The limits of formal equality

March 2, 2007
Issue 

Despite having won formal equality, the lack of an organised women's movement means that the Howard government has been able to take back a lot of the reforms won as a result of the struggles of the 1970s and 1980s. No reform is permanent under capitalism, and without a strong movement that mobilises to defend and expand reforms to improve women's lives, the capitalist class can easily remove, or knobble, the gains that have been won.

While PM John Howard has taken the axe to women's services, his government has also launched a massive attack on the working class in the form of Work Choices and attacks on welfare. These laws have a worse impact on women because of the nature of women's oppression in the family unit, and the fact that women are overwhelmingly in precarious or low-paid jobs.
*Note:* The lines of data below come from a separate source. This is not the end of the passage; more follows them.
Lemma coef_grmul h f w : coef (grmul h f) w =
  \sum_(a <- h) \sum_(b <- f) (if (a.1 * b.1)%g == w then a.2 * b.2 else 0).
Proof. by rewrite /coef /grmul big_mkcond big_allpairs_dep. Qed.

End GroupRing.

Section Balls.
Variables (G : groupType) (T : seq G).

Fixpoint ball (k : nat) : seq G :=
  if k is k'.+1 then ball k' ++ [seq (x * t)%g | x <- ball k', t <- T] else [:: 1%g].

Lemma ball0 x : (x \in ball 0) = (x == 1%g).
Proof. by rewrite inE. Qed.

Lemma ball_le k k' x : (k <= k')%N -> x \in ball k -> x \in ball k'.
Proof.
move=> /subnKC <-; elim: (k' - k)%N => [|d IH]; first by rewrite addn0.
by move=> xk; rewrite addnS /= mem_cat IH.
Qed.

Lemma ball_step k x t : x \in ball k -> t \in T -> (x * t)%g \in ball k.+1.
Proof.
by move=> xk tT; rewrite /= mem_cat; apply/orP; right; apply/allpairsP; exists (x, t).
Qed.

Lemma ball_elim k x : x \in ball k.+1 ->
  x \in ball k \/ exists2 t, t \in T & (x * t^-1)%g \in ball k.
Proof.
rewrite /= mem_cat => /orP[->|/allpairsP[[a b] [/= ak bT ->]]]; first by left.
by right; exists b; rewrite ?mulgK.
Qed.

Lemma ball_mul i j x y : x \in ball i -> y \in ball j -> (x * y)%g \in ball (i + j).
Proof.
move=> xi; elim: j y => [|j IH] y; first by rewrite ball0 => /eqP ->; rewrite mulg1 addn0.
case/ball_elim => [yj|[t tT yt]]; first by apply: ball_le (IH _ yj); rewrite addnS.
by rewrite -(mulgVK t y) mulgA addnS; apply: ball_step => //; apply: IH.
Qed.

Lemma ball1 t : t \in T -> t \in ball 1.
Proof. by move=> tT; rewrite -[t]mul1g; apply: ball_step; rewrite ?ball0. Qed.

Lemma ball_exhaust (P : pred G) : generates P ->
  (forall y, P y || P (y^-1)%g -> y \in T) -> forall x, exists k, x \in ball k.
Proof.
move=> gen PT x; have [l [al ->]] := gen x.
elim: l al => [|a l IH] /=; first by exists 0%N; rewrite ball0.
case/andP=> aP /IH [k lk]; exists (1 + k)%N.
by apply: ball_mul lk; apply/ball1/PT.
Qed.

Lemma ball_bound (A : eqType) (l : seq A) (pt : A -> G) :
  (forall x, exists k, x \in ball k) -> exists D, forall e, e \in l -> pt e \in ball D.
Proof.
move=> ex; elim: l => [|e l [D HD]]; first by exists 0%N.
have [k hk] := ex (pt e); exists (maxn k D) => e'; rewrite inE => /orP[/eqP ->|el].
  exact: ball_le (leq_maxl k D) hk.
exact: ball_le (leq_maxr k D) (HD _ el).
Qed.

Hypothesis T_sym : forall t, t \in T -> (t^-1)%g \in T.

Lemma ball_inv k x : x \in ball k -> (x^-1)%g \in ball k.
Proof.
elim: k x => [|k IH] x; first by rewrite !ball0 => /eqP ->; rewrite invg1.
case/ball_elim => [xk|[t tT xt]]; first by apply: ball_le (IH _ xk).
have -> : (x^-1 = t^-1 * (x * t^-1)^-1)%g by rewrite invgM invgK mulgA mulVg mul1g.
by rewrite -add1n; apply: ball_mul; [apply/ball1/T_sym|apply: IH].
Qed.

End Balls.

Section Morphism.
Variables (G : groupType) (Q : finGroupType) (phi : G -> Q).
Hypothesis phiM : group_hom phi.

Lemma phi1 : phi 1%g = 1%g.
Proof. by apply: (mulgI (phi 1%g)); rewrite -phiM !mulg1. Qed.

Lemma phiV x : phi (x^-1)%g = ((phi x)^-1)%g.
Proof. by apply/esym/mulg1_eq; rewrite -phiM mulgV phi1. Qed.

Lemma ball_morph (T : seq G) k : ball (map phi T) k = map phi (ball T k).
Proof.
elim: k => [|k IH] /=; first by rewrite phi1.
rewrite IH map_cat map_allpairs allpairs_mapl allpairs_mapr; congr (_ ++ _).
by apply: eq_allpairs => x y; rewrite phiM.
Qed.

Lemma ball_inj (T : seq G) (R i j : nat) (a b : G) :
  (forall t, t \in T -> (t^-1)%g \in T) ->
  (forall x, x \in ball T R -> phi x = 1%g -> x = 1%g) ->
  a \in ball T i -> b \in ball T j -> (i + j <= R)%N -> phi a = phi b -> a = b.
Proof.
move=> Tsym inj ai bj ijR ab.
suff /eqP : (a^-1 * b)%g = 1%g by rewrite mulg_eq1 eqg_inv => /eqP.
apply: inj; first exact: ball_le ijR (ball_mul (ball_inv Tsym ai) bj).
by rewrite phiM phiV ab mulVg.
Qed.

Implicit Types (f g h : grpring G).

Lemma pi_coef f q :
  pi_hom phi f q = \sum_(y <- Defs.support f | phi y == q) coef f y.
Proof.
rewrite /pi_hom ffunE big_mkcond /=.
transitivity (\sum_(e <- f) e.2 * (phi e.1 == q)%:R).
  by apply: eq_bigr => e _; case: eqP; rewrite ?mulr1 ?mulr0.
rewrite (regroup_support f (fun y => (phi y == q)%:R)) [RHS]big_mkcond.
apply: eq_bigr => y _.
by case: eqP; rewrite ?mulr1 ?mulr0.
Qed.

Lemma pi_coef_eq g1 g2 : (forall w, coef g1 w = coef g2 w) ->
  pi_hom phi g1 = pi_hom phi g2.
Proof.
move=> hc; apply/ffunP => q; rewrite /pi_hom !ffunE.
set Y := undup (map fst g1 ++ map fst g2).
have regroupY g0 : {subset map fst g0 <= Y} ->
    \sum_(e <- g0 | phi e.1 == q) e.2 = \sum_(y <- Y) coef g0 y * (phi y == q)%:R.
  move=> sub; rewrite -regroup ?undup_uniq // big_mkcond; apply: eq_bigr => e _.
  by case: ifP; rewrite ?mulr1 ?mulr0.
rewrite !regroupY => [|y yg|y yg]; rewrite ?mem_undup ?mem_cat ?yg ?orbT //.
by apply: eq_bigr => y _; rewrite hc.
Qed.

Lemma pi_grmul h g : pi_hom phi (grmul h g) = fgrmul (pi_hom phi h) (pi_hom phi g).
Proof.
apply/ffunP => q.
have -> : fgrmul (pi_hom phi h) (pi_hom phi g) q =
    \sum_s \sum_(a <- h) \sum_(b <- g)
       (if (phi a.1 == s) && (phi b.1 == (s^-1 * q)%g) then a.2 * b.2 else 0).
  rewrite /fgrmul ffunE; apply: eq_bigr => s _; rewrite /pi_hom !ffunE big_distrl /=.
  rewrite big_mkcond.
  apply: eq_bigr => a _; case: (phi a.1 == s) => /=; last by rewrite big1.
  rewrite big_distrr big_mkcond /=; apply: eq_bigr => b _.
  by case: ifP; rewrite ?mulr0.
rewrite exchange_big /pi_hom ffunE big_mkcond /grmul big_allpairs_dep /=.
apply: eq_bigr => a _; rewrite exchange_big /=; apply: eq_bigr => b _.
rewrite -big_mkcond /= phiM.
have eq_div s : (phi b.1 == (s^-1 * q)%g) = ((s * phi b.1)%g == q).
  by apply/eqP/eqP => [->|<-]; rewrite ?mulVKg ?mulKg.
case: (boolP ((phi a.1 * phi b.1)%g == q)) => hq.
  rewrite (big_pred1 (phi a.1)) // => s /=.
  by apply/andP/eqP => [[/eqP <- //]|->]; rewrite eq_div.
by rewrite big_pred0 // => s; apply/andP => [[/eqP <-]]; rewrite eq_div (negPf hq).
Qed.

Lemma pi_l1 g : \sum_q `|pi_hom phi g q| <= (\sum_(e <- g) absz e.2)%N%:Z.
Proof.
have -> : (\sum_(e <- g) absz e.2)%N%:Z = \sum_(e <- g) `|e.2|.
  by elim: g => [|e g IH]; rewrite ?big_nil ?big_cons // PoszD IH abszE.
apply: (@le_trans _ _ (\sum_q \sum_(e <- g | phi e.1 == q) `|e.2|)).
  by apply: ler_sum => q _; rewrite /pi_hom ffunE; exact: ler_norm_sum.
under eq_bigr => q _ do rewrite big_mkcond /=.
rewrite exchange_big /=; apply: ler_sum => e _; rewrite -big_mkcond /=.
by under eq_bigl => q do rewrite eq_sym; rewrite big_pred1_eq.
Qed.

End Morphism.

Lemma exists_argmax (I : finType) (i0 : I) (h : I -> int) :
  exists x, forall y, h y <= h x.
Proof. by case: (@arg_maxP _ _ I i0 xpredT h isT) => x _ hx; exists x => y; exact: hx. Qed.

Section Laplacian.
Variable Q : finGroupType.
Variable F : {ffun Q -> int}.
Hypothesis F_offdiag : forall t, t != 1%g -> F t <= 0.
Hypothesis F_sym : forall t, F t = F (t^-1)%g.
Hypothesis F_sum : \sum_t F t = 0.

Definition lapl (u : Q -> int) (w : Q) : int := \sum_t - F t * (u w - u (w * t)%g).

(* Right convolution by F is the Laplacian, as F has total mass zero. *)
Lemma fgrmul_lapl (u : {ffun Q -> int}) w : fgrmul u F w = lapl u w.
Proof.
rewrite /fgrmul ffunE (reindex_inj (mulgI w)) /=.
under eq_bigr => t _ do rewrite invgM mulgVK -F_sym.
under [RHS]eq_bigr => t _ do rewrite mulrBr !mulNr opprK addrC.
rewrite sumrB -mulr_suml F_sum mul0r subr0; apply: eq_bigr => t _.
by rewrite mulrC.
Qed.

Lemma laplN (u : Q -> int) w : lapl (fun x => - u x) w = - lapl u w.
Proof. by rewrite /lapl -sumrN; apply: eq_bigr => t _; rewrite -opprD mulrN. Qed.

(* The net flow of u inside a set A vanishes, by symmetry of the weights. *)
Lemma inner_flow_eq0 (u : Q -> int) (A : {set Q}) :
  \sum_(w in A) \sum_(t | (w * t)%g \in A) - F t * (u w - u (w * t)%g) = 0.
Proof.
set X := LHS; suff : X = - X by lia.
pose sw (pr : Q * Q) := ((pr.1 * pr.2)%g, (pr.2^-1)%g).
have swK : involutive sw by case=> a b; rewrite /sw /= mulgK invgK.
rewrite {1}/X pair_big_dep /= (reindex_inj (inv_inj swK)) /= /X pair_big_dep -sumrN.
apply: eq_big => [[a b]|[a b] _] /=; first by rewrite mulgK andbC.
by rewrite mulgK -F_sym -mulrN opprB.
Qed.

Variable TQ : seq Q.
Hypothesis TQ_neg : forall t, t \in TQ -> t != 1%g -> F t < 0.
Hypothesis TQ_sym : forall t, t \in TQ -> (t^-1)%g \in TQ.
Hypothesis TQ_supp : forall t, F t != 0 -> t \in TQ.
Hypothesis TQ_gen : forall x, exists k, x \in ball TQ k.

Section Harmonic.
Variables (u p : Q -> int).
Hypothesis u_sol : forall w, p w = lapl u w.

Lemma outflow (A : {set Q}) : \sum_(w in A) p w =
  \sum_(w in A) \sum_t (if (w * t)%g \in A then 0 else - F t * (u w - u (w * t)%g)).
Proof.
transitivity (\sum_(w in A) (\sum_(t | (w * t)%g \in A) - F t * (u w - u (w * t)%g)
   + \sum_t (if (w * t)%g \in A then 0 else - F t * (u w - u (w * t)%g)))).
  apply: eq_bigr => w _; rewrite u_sol /lapl (bigID (fun t => (w * t)%g \in A)) /=.
  congr (_ + _); rewrite [LHS]big_mkcond /=; apply: eq_bigr => t _.
  by case: ((w * t)%g \in A).
by rewrite big_split /= inner_flow_eq0 add0r.
Qed.

(* A point where p vanishes and no neighbour lies higher has all its
   neighbours at the same height: the terms of lapl u x are then nonnegative. *)
Lemma flat_at x : p x = 0 -> (forall t, F t < 0 -> u (x * t)%g <= u x) ->
  forall t, F t < 0 -> u (x * t)%g = u x.
Proof.
move=> px below t Ft.
have nn s : true -> 0 <= - F s * (u x - u (x * s)%g).
  move=> _; case: (s =P 1%g) => [->|/eqP s1]; first by rewrite mulg1 subrr mulr0.
  have := F_offdiag s1; rewrite le_eqVlt => /orP[/eqP->|Fs]; first by rewrite oppr0 mul0r.
  by apply: mulr_ge0; [rewrite oppr_ge0 ltW|rewrite subr_ge0 below].
have := psumr_eq0P nn; rewrite -/(lapl u x) -u_sol px => /(_ erefl t isT).
move/eqP; rewrite mulf_eq0 oppr_eq0 (lt_eqF Ft) /= subr_eq0 => /eqP; lia.
Qed.

Lemma max_on_support xM : (forall y, u y <= u xM) ->
  (exists2 s, p s != 0 & u s = u xM) \/ (forall y, u y = u xM).
Proof.
move=> umax.
case: (boolP [exists s, (p s != 0) && (u s == u xM)]) =>
   [/existsP[s /andP[ps /eqP us]]|nex]; first by left; exists s.
right.
have spread y t : u y = u xM -> t \in TQ -> u (y * t)%g = u xM.
  move=> uy tT; case: (t =P 1%g) => [->|/eqP t1]; first by rewrite mulg1.
  have py : p y = 0.
    by apply/eqP; apply: contraNT nex => py; apply/existsP; exists y; rewrite py uy eqxx.
  have below s : F s < 0 -> u (y * s)%g <= u y by rewrite uy => _; exact: umax.
  by rewrite (flat_at py below (TQ_neg tT t1)).
have ball_max k z : z \in ball TQ k -> u (xM * z)%g = u xM.
  elim: k z => [|k IH] z; first by rewrite ball0 => /eqP ->; rewrite mulg1.
  case/ball_elim => [/IH //|[t tT zt]].
  by rewrite -(mulgVK t z) mulgA; apply: spread tT; exact: IH.
move=> y; have [k hk] := TQ_gen (xM^-1 * y)%g.
by have := ball_max _ _ hk; rewrite mulKVg.
Qed.

Lemma uphill x t : p x = 0 -> F t < 0 -> u (x * t)%g < u x ->
  exists2 s, F s < 0 & u x < u (x * s)%g.
Proof.
move=> px Ft lt.
case: (boolP [exists s, (F s < 0) && (u x < u (x * s)%g)]) =>
   [/existsP[s /andP[a b]]|nex]; first by exists s.
have below s : F s < 0 -> u (x * s)%g <= u x.
  move=> Fs; rewrite leNgt; apply: contraNN nex => h.
  by apply/existsP; exists s; rewrite Fs h.
by move: lt; rewrite (flat_at px below Ft) ltxx.
Qed.

Variable D : nat.
Hypothesis p_supp : forall q, p q != 0 -> q \in ball TQ D.

(* If u exceeds u x by at most m anywhere and x has a lower neighbour, then an
   increasing path of length at most m from x reaches the support of p. *)
Lemma climb m x : (forall y, u y <= u x + m%:Z) ->
  (exists2 t, F t < 0 & u (x * t)%g < u x) -> x \in ball TQ (D + m).
Proof.
elim: m x => [|m IH] x hb [t Ft lt];
  (case: (p x =P 0) => [px|/eqP px]; last exact: ball_le (leq_addr _ _) (p_supp px));
  have [s Fs gt] := uphill px Ft lt.
  by have := hb (x * s)%g; rewrite addr0 => h; move: gt; rewrite ltNge h.
have xs : (x * s)%g \in ball TQ (D + m).
  apply: IH; first by move=> y; have := hb y; lia.
  by exists (s^-1)%g; rewrite ?mulgK // -F_sym.
have sT : (s^-1)%g \in TQ by apply/TQ_supp; rewrite -F_sym lt_eqF.
by rewrite addnS -(mulgK s x); apply: ball_step.
Qed.

Variable M : nat.
Hypothesis p_l1 : \sum_q `|p q| <= M%:Z.

(* The edge leaves the
   superlevel set of u at x, whose outflow is at most the mass of p; the
   weight of the edge is a nonzero integer, hence at least 1. *)
Lemma drop_le x t : F t < 0 -> u x - u (x * t)%g <= M%:Z.
Proof.
move=> Ft; case: (leP (u x) (u (x * t)%g)) => [|ux]; first by lia.
set A := [set y | u x <= u y].
have xA : x \in A by rewrite inE.
have xtA : (x * t)%g \notin A by rewrite inE -ltNge.
have massA : \sum_(w in A) p w <= M%:Z.
  apply: le_trans p_l1; apply: (@le_trans _ _ (\sum_(w in A) `|p w|)).
    by apply: ler_sum => w _; exact: ler_norm.
  by rewrite [X in _ <= X](bigID (mem A)) /= lerDl; exact: sumr_ge0.
have out_ge0 w : w \in A -> forall s,
    0 <= (if (w * s)%g \in A then 0 else - F s * (u w - u (w * s)%g)).
  move=> wA s; case: ifPn => // wsA.
  have s1 : s != 1%g by apply: contraNneq wsA => ->; rewrite mulg1.
  apply: mulr_ge0; first by rewrite oppr_ge0 F_offdiag.
  by move: wA wsA; rewrite !inE -ltNge subr_ge0 => a /ltW b; exact: le_trans b a.
apply: le_trans massA; rewrite outflow (bigD1 x) //= (bigD1 t) //= (negPf xtA).
have R1 : 0 <= \sum_(s | s != t) (if (x * s)%g \in A then 0 else - F s * (u x - u (x * s)%g)).
  by apply: sumr_ge0 => s _; exact: out_ge0.
have R2 : 0 <= \sum_(w in A | w != x) \sum_s
    (if (w * s)%g \in A then 0 else - F s * (u w - u (w * s)%g)).
  by apply: sumr_ge0 => w /andP[wA _]; apply: sumr_ge0 => s _; exact: out_ge0.
have : 0 <= (- F t - 1) * (u x - u (x * t)%g) by apply: mulr_ge0; lia.
rewrite -addrA mulrBl mul1r subr_ge0 => h; apply: le_trans h _.
by rewrite lerDl; exact: addr_ge0.
Qed.

Lemma path_drop_le k z x : z \in ball TQ k -> u x - u (x * z)%g <= k%:Z * M%:Z.
Proof.
elim: k z x => [|k IH] z x; first by rewrite ball0 => /eqP ->; rewrite mulg1 subrr mul0r.
case/ball_elim => [zk|[t tT zt]]; rewrite -addn1 PoszD mulrDl mul1r.
  by have := IH _ x zk; lia.
have := IH _ x zt; case: (t =P 1%g) => [->|/eqP t1].
  by rewrite invg1 mulg1; lia.
have := drop_le (x * (z * t^-1))%g (TQ_neg tT t1).
rewrite -mulgA mulgVK => last_step first_steps.
by rewrite -(subrKA (u (x * (z * t^-1))%g)); exact: lerD.
Qed.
Women in Australia won equal pay in 1972, but we still earn less than men. Women and men were meant to be paid equally, but male jobs were reclassified to ensure that women weren't always paid the same for the same job. The gender pay gap appeared to be closing in the 1970s when a handful of strong unions won big gains that flowed onto weaker unions with a predominantly female membership.

In the 1980s, due to several landmark cases in which unions in female-dominated industries fought to have their skills recognised as being equal to the skills of higher-paid male workers in other industries, the pay gap for full-time adult workers was reduced from women's wage averaging 81% of men's to 84%. But after the Keating Labor government introduced enterprise bargaining in 1994, the gender pay gap began to increase again. This trend has sped up since the Howard government introduced individual contracts (AWAs).

Women workers on average earn less than men, even when the effects of part-time employment and men's access to paid overtime are taken into account. In all industry sectors women earn, on average, less than men, with the worst cases being the finance and insurance industries (65%), mining (71%), property and business services (76%) and health (78%). Between 1994 and 2004, the growth in average hourly ordinary-time earnings among full-time adult non-managerial employees was higher for males than females, resulting in a slight widening of the gender wage gap.

Comparing full-time earnings also underestimates the gender gap, as only 56% of female employees work full-time.

There is also growing inequality between the average hourly rates of pay for part-time workers compared to full-time workers. Between 1990 and 1998, the earnings ratio of non-managerial part-time or casual workers declined compared to full-time or permanent employees. The gender gap extends beyond wages to other working conditions: for instance, 31% of women workers compared to 24% of male workers report no access to leave entitlements.

Some cuts to services, such as child care, don't affect all women equally and have more of a class dynamic. Working-class women suffer more from these cuts as they cannot afford to pay high prices for child care, nor can they afford nannies. Wealthy women from regional areas can afford to travel to get an abortion, they can afford the fees for higher education and they can afford to access the legal rights women have won, whereas poor women often cannot.

The cost of child care has increased by 91% over the last decade (while wages certainly haven't), and health care by 50%. Meanwhile the consumer price index has only increased by 29.6% because the price of white goods (which you and I don't buy every week) has declined.

The impact of these neoliberal attacks affects the type of demands placed on government. Currently, politicians and some feminists want the Howard government to provide an income tax rebate for child care, something that will not help women on low incomes or those on welfare.

Rather, we should be demanding free education from cradle to grave. This must include free childcare, which should be publicly funded and the places massively increased, and the centres must also cater for shift and casual workers.

A campaign to win real equality would have to challenge the profits-first capitalist system and the sexism it promotes among individual men and women.